■ **PROMPT**:
Report back each line of the records that contains the string "left".

════════

Lemma bounded_measurable_kernel_expect (g : X * Y -> R) :
  bounded_measurable g ->
  bounded_measurable (fun x => expect (k x) (fun y => g (x, y))).
Proof.
move=> bg; have [mg [K hK]] := bg; have k1 x := @prob_kernel _ _ _ _ _ k x.
split; last first.
  exists K => x; apply: (le_expect_norm (k1 x)) => [|y]; last exact: hK.
  exact: (bounded_measurable_section _ x bg).1.
(* shifting g by |K| makes it nonnegative, so the kernel integral is measurable *)
pose K' := `|K|.
have shift x : expect (k x) (fun y => g (x, y)) =
    fine (\int[k x]_y ((g (x, y) + K')%:E)) - K'.
  rewrite -[fine _]/(expect (k x) (fun y => g (x, y) + K')).
  rewrite (expectD (k1 x)) ?(expect_cst (k1 x)) ?addrK //.
  - exact: bounded_measurable_section.
  - exact: bounded_measurable_cst.
under eq_fun do rewrite shift.
apply: measurable_funB => //; apply: measurableT_comp => //.
apply: (measurable_fun_integral_finite_kernel (fun xy => (g xy + K')%:E)).
- move=> z; rewrite lee_fin /K'.
  have := hK z; rewrite ler_norml => /andP[+ _].
  by have := ler_norm K; lra.
- exact/measurable_EFinP/measurable_funD.
Qed.

End KernelExpectation.

Section DiscountedSeries.
Context {R : realType}.
Implicit Types (u v : nat -> R) (c : R).

Lemma sum_geometric_le c n : 0 <= c < 1 -> \sum_(t < n) c ^+ t <= (1 - c)^-1.
Proof.
move=> /andP[c0 c1]; have c1' : 0 < 1 - c by lra.
rewrite -(ler_pM2l c1') mulfV ?gt_eqF// -opprB mulNr -subrX1 opprB.
by have := exprn_ge0 n c0; lra.
Qed.
End Enumeration.

Lemma classified2 : classified 2 [:: [:: (0, 1); (1, 0)]; [:: (0, 1)]].
Proof. by vm_compute. Qed.

Lemma classified3 : classified 3 [:: [:: (0, 1); (1, 0); (0, 2); (2, 1)]].
Proof. by vm_compute. Qed.

Lemma classified4 : classified 4
  [:: [:: (0, 1); (1, 2); (2, 3); (3, 0); (0, 2); (2, 0); (1, 3); (3, 1)]].
Proof. by vm_compute. Qed.

Theorem proposition5p2 (n : nat) (D : rel 'I_n.+1)
  (hD : digraph_loopless D) (hspec : H_spectrum_is_main D) :
  digraph_iso D K1 \/ digraph_iso D K2 \/ digraph_iso D T2 \/
  digraph_iso D K3' \/ digraph_iso D K4'.
Proof.
case: n D hD hspec => [|n] D hD hspec.
  left; exists id; split; first by exists id.
  by move=> u v; rewrite !ord1; apply/negbTE.
have Dcomplete := hermAdj_semicomplete hD hspec (ltn0Sn n).
have Dtri := hermAdj_negative_triangles hD hspec (ltn0Sn n).
move: Dcomplete Dtri (negative_triangles_order_le4 Dcomplete Dtri).
case: n D hD {hspec} => [|[|[|n]]] D hD Dcomplete Dtri le4 //.
- have [a] := classified_iso hD Dcomplete Dtri classified2.
  by rewrite !inE => /orP[] /eqP -> iso; [right; left | right; right; left].
- have [a] := classified_iso hD Dcomplete Dtri classified3.
  by rewrite inE => /eqP -> iso; do 3!right; left.
- have [a] := classified_iso hD Dcomplete Dtri classified4.
  by rewrite inE => /eqP -> iso; do 4!right.
Qed.
Lemma circ_deriv_ang M x : \det M = 1 ->
  circ_deriv (fun t => ang (M *m dirv t)) x = (vnorm (M *m dirv x) ^+ 2)^-1.
Proof.
move=> M1; set u := M *m dirv x.
pose Q : R -> R := (dot2 u u \*: cos) + (dot2 u (M *m dirv (x + pi / 2)) \*: sin).
have QE h : dot2 u (M *m dirv (x + h)) = Q h.
  transitivity (dot2 u u * cos h + dot2 u (M *m dirv (x + pi / 2)) * sin h) => //.
  rewrite /u /dot2 !mulmx_col0 !mulmx_col1 !dirv0 !dirv1.
  by rewrite cosD sinD cosDpihalf sinDpihalf; ring.
have dQ : derivable Q 0 1.
  by apply: derivableD; apply: derivableZ; [exact: derivable_cos | exact: derivable_sin].
have Q0 : Q 0 = vnorm u ^+ 2 by rewrite -QE addr0 sqr_vnorm.
have Q0_gt0 : 0 < Q 0.
  by rewrite Q0 exprn_gt0 // vnorm_gt0 // mulmx_neq0 ?unitmx_det1 ?dirv_neq0.
have Q_neq0 : \forall h \near 0, Q h != 0.
  have cQ : Q @ 0 --> Q 0 by exact/differentiable_continuous/derivable1_diffP.
  exact: cvgr_neq0 cQ (lt0r_neq0 Q0_gt0).
rewrite /circ_deriv -Q0 -derive1_atan_sin_div ?gt_eqF // !derive1E.
apply: near_eq_derive; apply: filterS Q_neq0 => h Qh.
by rewrite cwrap_ang_increment // QE.
Qed.

End ProjectiveDerivative.

Section Words.
Variable R : realType.
Variables (k : nat) (A : 'I_k -> 'M[R]_2).
Hypothesis A1 : forall i, \det (A i) = 1.
Implicit Types (w : nat -> 'I_k) (n : nat) (t : R).

Lemma phiwS w n t : phiw A w n.+1 t = phiw A w n (phiA (A (w n)) t).
Proof.
rewrite /phiw -addn1 iotaD foldr_cat /=.
by elim: (iota 0 n) t => //= j s IH t; rewrite IH.
Qed.

Lemma Aw0 w : Aw A w 0 = 1%:M.
Proof. by rewrite /Aw big_ord0. Qed.

Lemma AwS w n : Aw A w n.+1 = Aw A w n *m A (w n).
Proof. by rewrite /Aw big_ord_recr /= mulmxE. Qed.

Lemma AwSl w n : Aw A w n.+1 = A (w 0%N) *m Aw A (fun j => w j.+1) n.
Proof. by rewrite /Aw big_ord_recl /= mulmxE. Qed.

════════

■ **WRITTEN SOLUTION**:
  left; exists id; split; first by exists id.
  by rewrite !inE => /orP[] /eqP -> iso; [right; left | right; right; left].
  by rewrite inE => /eqP -> iso; do 3!right; left.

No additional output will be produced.